How VO2 max changes with age and training

VO2 max usually peaks in early adulthood and then declines over time, especially when training volume falls. In a large Norwegian reference dataset, Loe, Rognmo, Saltin, and Wisloff reported average VO2 max values of 54.4 mL/kg/min in men and 43.0 mL/kg/min in women aged 20 to 29, with declines of about 3.5 mL/kg/min per decade thereafter.³ That rate is not fixed. Consistent training can slow the drop, and detraining can accelerate it.

Reference standards also show why raw numbers need context. In the FRIEND international registry, the 50th percentile for directly measured VO2 max in adults aged 20 to 29 was 49.5 mL/kg/min for men and 40.6 mL/kg/min for women.⁴ By later decades, those values shift downward. Comparing yourself with people of similar age and sex is more useful than chasing elite endurance numbers from social media.

How to improve it

VO2 max responds best to a mix of aerobic base work and hard intervals. Base training supports stroke volume, mitochondrial density, and the ability to repeat more work. High-intensity intervals push oxygen delivery and utilization closer to the ceiling. This is why heart-rate-zones and interval-training belong in the same conversation.

The evidence for intervals is strong enough to use in programming. A 2024 meta-analysis in trained athletes found that high-intensity interval training significantly improved VO2 max, with a standardized mean difference of 1.11.⁵ Another 2024 meta-analysis comparing HIIT and moderate continuous training in athletes found that HIIT was more effective for improving VO2 max over 1 to 3 weeks and 4 to 9 weeks, with no clear advantage once training duration extended past 10 weeks.⁶ The useful lesson is that short blocks of focused high-intensity work can raise the ceiling efficiently, though they still need an aerobic base and enough recovery.

VO2 max sessions should feel hard enough that conversation is broken and repeatability becomes the test. Heart rate lags during short intervals, so pace, watts, or repeat structure are usually better anchors than chasing a live heart-rate number. For runners, that might mean 5 x 3 minutes at a hard but repeatable pace. For cyclists, it might mean 4 x 4 minutes at a power you can complete without collapsing in the final repeat.
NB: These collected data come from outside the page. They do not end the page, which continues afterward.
(* Let $A$ be a reduced commutative ring with finitely many minimal prime ideals, and let $A\subseteq B$ be an extension of rings which preserves non-zero-divisors, i.e. every non-zero-divisor of $A$ is a non-zero-divisor of $B$. Then there is an exact sequence of abelian groups $$0\longrightarrow \mathfrak{C}(A,B)\longrightarrow \mathfrak{C}(A)\longrightarrow \mathfrak{C}(B),$$ in which the map $\mathfrak{C}(A)\to\mathfrak{C}(B)$ is the one induced by the ring map $T(A)\to T(B)$, $a/s\mapsto a/s$ (via $L\mapsto$ the $B$-submodule of $T(B)$ generated by the image of $L$).
   Context: All rings are commutative with identity. For an extension of rings $R\subseteq S$ and $R$-submodules $L,L'$ of $S$, $LL'$ is the $R$-submodule of finite sums $\sum x_ky_k$, $x_k\in L$, $y_k\in L'$. An $R$-submodule $L$ of $S$ is an invertible ideal of $R\subseteq S$ if $LL'=R$ for some $R$-submodule $L'$ of $S$; these form an abelian group $\mathscr{G}(R,S)$ under multiplication and $\mathfrak{C}(R,S)=\mathscr{G}(R,S)/\{Rx: x\in S^\ast\}$. $T(R)$ denotes the total ring of fractions of $R$ (localization at the set of non-zero-divisors), and $\mathfrak{C}(R)=\mathfrak{C}(R,T(R))$. *)

(* Rings: comPzRingType (commutative with 1; zero ring allowed). *)
From HB Require Import structures.
From mathcomp Require Import all_boot all_order all_algebra.
Set Implicit Arguments. Unset Strict Implicit. Unset Printing Implicit Defensive.
Import Order.TTheory GRing.Theory.
Local Open Scope ring_scope.

Definition seteq (T : Type) (X Y : T -> Prop) := forall x, X x <-> Y x.

Section RingNotions.
Variable R : comPzRingType.

Definition nzd (x : R) := forall y : R, x * y = 0 -> y = 0.
Definition is_unit (x : R) := exists y : R, x * y = 1.
Definition reduced := forall (x : R) (n : nat), x ^+ n = 0 -> x = 0.

Definition ideal (P : R -> Prop) :=
  [/\ P 0, (forall x y, P x -> P y -> P (x + y)) & (forall r x, P x -> P (r * x))].
Definition prime_ideal (P : R -> Prop) :=
  [/\ ideal P, ~ P 1 & (forall x y, P (x * y) -> P x \/ P y)].
Definition minimal_prime (P : R -> Prop) :=
  prime_ideal P /\
  (forall Q, prime_ideal Q -> (forall x, Q x -> P x) -> forall x, P x -> Q x).
Definition fin_min_primes :=
  exists (n : nat) (f : nat -> R -> Prop),
    forall P, minimal_prime P -> exists2 k, (k < n)%N & seteq P (f k).
End RingNotions.

Section Extensions.
(* An extension R ⊆ S is given by an injective ring morphism j : R -> S;
   R acts on S through j. *)
Variables (R S : comPzRingType) (j : R -> S).

Definition submod (L : S -> Prop) :=
  [/\ L 0, (forall x y, L x -> L y -> L (x + y)) & (forall r x, L x -> L (j r * x))].

Definition prodm (X Y : S -> Prop) : S -> Prop :=
  fun z => exists (n : nat) (x y : 'I_n -> S),
    [/\ forall k, X (x k), forall k, Y (y k) & z = \sum_(k < n) x k * y k].

Definition ringimg : S -> Prop := fun z => exists r, z = j r.

Definition principal (x : S) : S -> Prop := fun z => exists r, z = j r * x.

(* invertible ideals of R ⊆ S (elements of the group G(R,S)) *)
Definition invertible (L : S -> Prop) :=
  submod L /\ exists L', submod L' /\ seteq (prodm L L') ringimg.

(* equality of classes in C(R,S) = G(R,S) / {R x : x in S^*} *)
Definition classeq (L M : S -> Prop) :=
  exists x, is_unit x /\ seteq L (prodm (principal x) M).
End Extensions.

(* T is (a model of) the total ring of fractions of R via j : R -> T,
   i.e. the localization of R at its non-zero-divisors. *)
Definition is_total_fractions (R T : comPzRingType) (j : R -> T) :=
  [/\ injective j, (forall s, nzd s -> is_unit (j s))
    & (forall t, exists a s, nzd s /\ t * j s = j a)].

Definition modiso (R S1 S2 : comPzRingType) (j1 : R -> S1) (j2 : R -> S2)
    (L1 : S1 -> Prop) (L2 : S2 -> Prop) :=
  exists h : S1 -> S2,
    [/\ forall x y, L1 x -> L1 y -> h (x + y) = h x + h y,
        forall r x, L1 x -> h (j1 r * x) = j2 r * h x,
        forall x, L1 x -> L2 (h x),
        forall x y, L1 x -> L1 y -> h x = h y -> x = y
      & forall y, L2 y -> exists2 x, L1 x & h x = y].

(* The map C(A) -> C(B) induced by phi : T(A) -> T(B):
   L |-> the B-submodule of T(B) generated by phi(L). *)
Definition extmod (B TA TB : comPzRingType) (jB : B -> TB) (phi : TA -> TB)
    (L : TA -> Prop) : TB -> Prop :=
  prodm (ringimg jB) (fun z => exists2 l, L l & z = phi l).

(* Both B and T(A) embed in T(B), the latter through phi, which is injective because the
   elements of T(A) are fractions with non-zero-divisor denominators.  Inside T(B), an
   A-linear isomorphism L ~ I between invertible modules (L in B, I in T(A)) is
   multiplication by a unit y, phi(I) = y L: a linear map out of an invertible module is
   determined by its values on a decomposition 1 = sum a_k a'_k.  Conversely such a
   relation yields an isomorphism, and whether two invertible modules are unit multiples of
   each other can be tested after embedding them in T(B).  The well-definedness,
   injectivity and multiplicativity of C(A,B) -> C(A), and the equality of its image with
   the kernel of C(A) -> C(B), thus become identities between unit multiples of products
   of submodules of T(B).
   The hypotheses on A are only needed to show that every invertible L of A in B is
   isomorphic to an invertible ideal of A in T(A).  In a reduced ring the zero-divisors lie
   in the union of the minimal primes, so prime avoidance over the finitely many minimal
   primes gives x in L and c in L^-1 with x c = s a non-zero-divisor of A; then
   x^-1 L = (c / s) L lies in T(A). *)

From mathcomp Require Import all_boot all_order all_algebra.
From mathcomp Require Import ring boolp classical_sets.
Set Implicit Arguments. Unset Strict Implicit. Unset Printing Implicit Defensive.
Import GRing.Theory.
Local Open Scope classical_set_scope.
Local Open Scope ring_scope.

Lemma seteqE (T : Type) (X Y : set T) : seteq X Y <-> X = Y.
Proof. by split=> [e|-> //]; apply/funext => x; apply/propext. Qed.

Lemma image_injective (S T : Type) (f : S -> T) (X Y : set S) :
  injective f -> f @` X = f @` Y -> X = Y.
Proof. by move=> finj e; apply/funext => x; rewrite -!(image_inj finj) e. Qed.

Lemma image_preimage_range (S T : Type) (f : S -> T) (Y : set T) :
  Y `<=` range f -> f @` (f @^-1` Y) = Y.
Proof.
move=> Yf; apply/seteqP; split; first exact: image_preimage_subset.
by move=> y Yy; have [x _ fx] := Yf y Yy; exists x; rewrite // /preimage /= fx.
Qed.

Lemma ringimg_range (R S : comPzRingType) (j : R -> S) : ringimg j = range j.
Proof. by apply/seteqP; split=> [_ [r ->]|_ [r _ <-]]; exists r. Qed.

(** * Products of submodules *)

Section Products.
Variable S : comPzRingType.
Implicit Types (X Y Z : set S) (w : S).

Definition mulset w X := [set w * x | x in X].

Lemma prodm_ind X Y Z : Z 0 -> (forall a b, Z a -> Z b -> Z (a + b)) ->
  (forall x y, X x -> Y y -> Z (x * y)) -> prodm X Y `<=` Z.
Proof.
by move=> Z0 ZD ZM _ [n [x [y [Xx Yy ->]]]]; apply: big_ind => // k _; apply: ZM.
Qed.

Lemma prodm_mul X Y x y : X x -> Y y -> prodm X Y (x * y).
Proof. by move=> Xx Yy; exists 1%N, (fun=> x), (fun=> y); rewrite big_ord1. Qed.

Lemma prodm0 X Y : prodm X Y 0.
Proof. by exists 0%N, (fun=> 0), (fun=> 0); split=> [[]|[]|]; rewrite ?big_ord0. Qed.

Lemma prodmD X Y a b : prodm X Y a -> prodm X Y b -> prodm X Y (a + b).
Proof.
move=> [n [x [y [Xx Yy ->]]]] [m [x' [y' [Xx' Yy' ->]]]].
pose join T (f : 'I_n -> T) (g : 'I_m -> T) k :=
  match split k with inl p => f p | inr q => g q end.
exists (n + m)%N, (join _ x x'), (join _ y y'); split.
- by move=> k; rewrite /join; case: (split k).
- by move=> k; rewrite /join; case: (split k).
by rewrite big_split_ord /join; congr (_ + _); apply: eq_bigr => k _;
  [rewrite (unsplitK (inl k))|rewrite (unsplitK (inr k))].
Qed.

Lemma prodm_mull w X X' Y p :
  (forall x, X x -> X' (w * x)) -> prodm X Y p -> prodm X' Y (w * p).
Proof.
move=> XX'; move: p.
apply: (prodm_ind (Z := [set p | prodm X' Y (w * p)])) => /= [|a b|x y Xx Yy].
- by rewrite mulr0; apply: prodm0.
- by rewrite mulrDr; apply: prodmD.
- by rewrite mulrA; apply: prodm_mul => //; apply: XX'.
Qed.

Lemma prodm_mono X X' Y Y' :
  X `<=` X' -> Y `<=` Y' -> prodm X Y `<=` prodm X' Y'.
Proof.
move=> XX' YY'; apply: prodm_ind; [exact: prodm0|exact: prodmD|].
by move=> x y /XX' Xx /YY' Yy; apply: prodm_mul.
Qed.

Lemma prodmC X Y : prodm X Y = prodm Y X.
Proof.
suff sub X' Y' : prodm X' Y' `<=` prodm Y' X' by apply/seteqP; split; apply: sub.
apply: prodm_ind; [exact: prodm0|exact: prodmD|].
by move=> x y Xx Yy; rewrite mulrC; apply: prodm_mul.
Qed.

Lemma prodmA X Y Z : prodm X (prodm Y Z) = prodm (prodm X Y) Z.
Proof.
suff sub X' Y' Z' : prodm X' (prodm Y' Z') `<=` prodm (prodm X' Y') Z'.
  apply/seteqP; split; first exact: sub.
  by rewrite prodmC [prodm X Y]prodmC [prodm Y Z]prodmC [prodm X _]prodmC; apply: sub.
apply: prodm_ind; [exact: prodm0|exact: prodmD|] => x p Xx.
by apply: prodm_mull => y Yy; apply: prodm_mul.
Qed.

Lemma prodmACA X Y Z W :
  prodm (prodm X Y) (prodm Z W) = prodm (prodm X Z) (prodm Y W).
Proof. by rewrite -!prodmA [prodm Y (prodm Z W)]prodmA [prodm Y Z]prodmC -prodmA. Qed.

Lemma prodmT1 X : prodm setT X 1 -> prodm setT X = setT.
Proof.
by move=> X1; apply/seteqP; split=> // s _; rewrite -[s]mulr1; apply: prodm_mull X1.
Qed.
Where nutrition changes the result

VO2 max is a training metric, though nutrition changes how much high-quality work you can actually complete. High-intensity intervals depend heavily on carbohydrate availability. If glycogen is chronically low, the session quality often drops before motivation does. Pace falls, heart rate drifts, and the athlete starts calling the problem poor fitness when the real issue is poor fuel support.

That is where pre-workout nutrition, carbohydrate sources, and hydration move from background detail to performance variables. The CDC guideline for health remains 150 to 300 minutes of moderate activity or 75 to 150 minutes of vigorous activity per week.⁷ Improving VO2 max usually takes more structure than simply meeting that floor. It also takes enough food to recover from the work.

Use a simple nutrition filter around hard aerobic training.

Common mistakes

The easiest way to misread VO2 max is to confuse an estimate with a measurement. A watch can show a useful trend when the device, terrain, and training mode stay consistent. It gets much less trustworthy when the signal comes from poor wrist heart-rate data, stop-start runs, hills you do not account for, or a sport you do not practice enough to express your real aerobic capacity. Use wearable VO2 max as a trend tool. Use a lab test, race result, or repeatable pace and power benchmark when the number starts driving decisions.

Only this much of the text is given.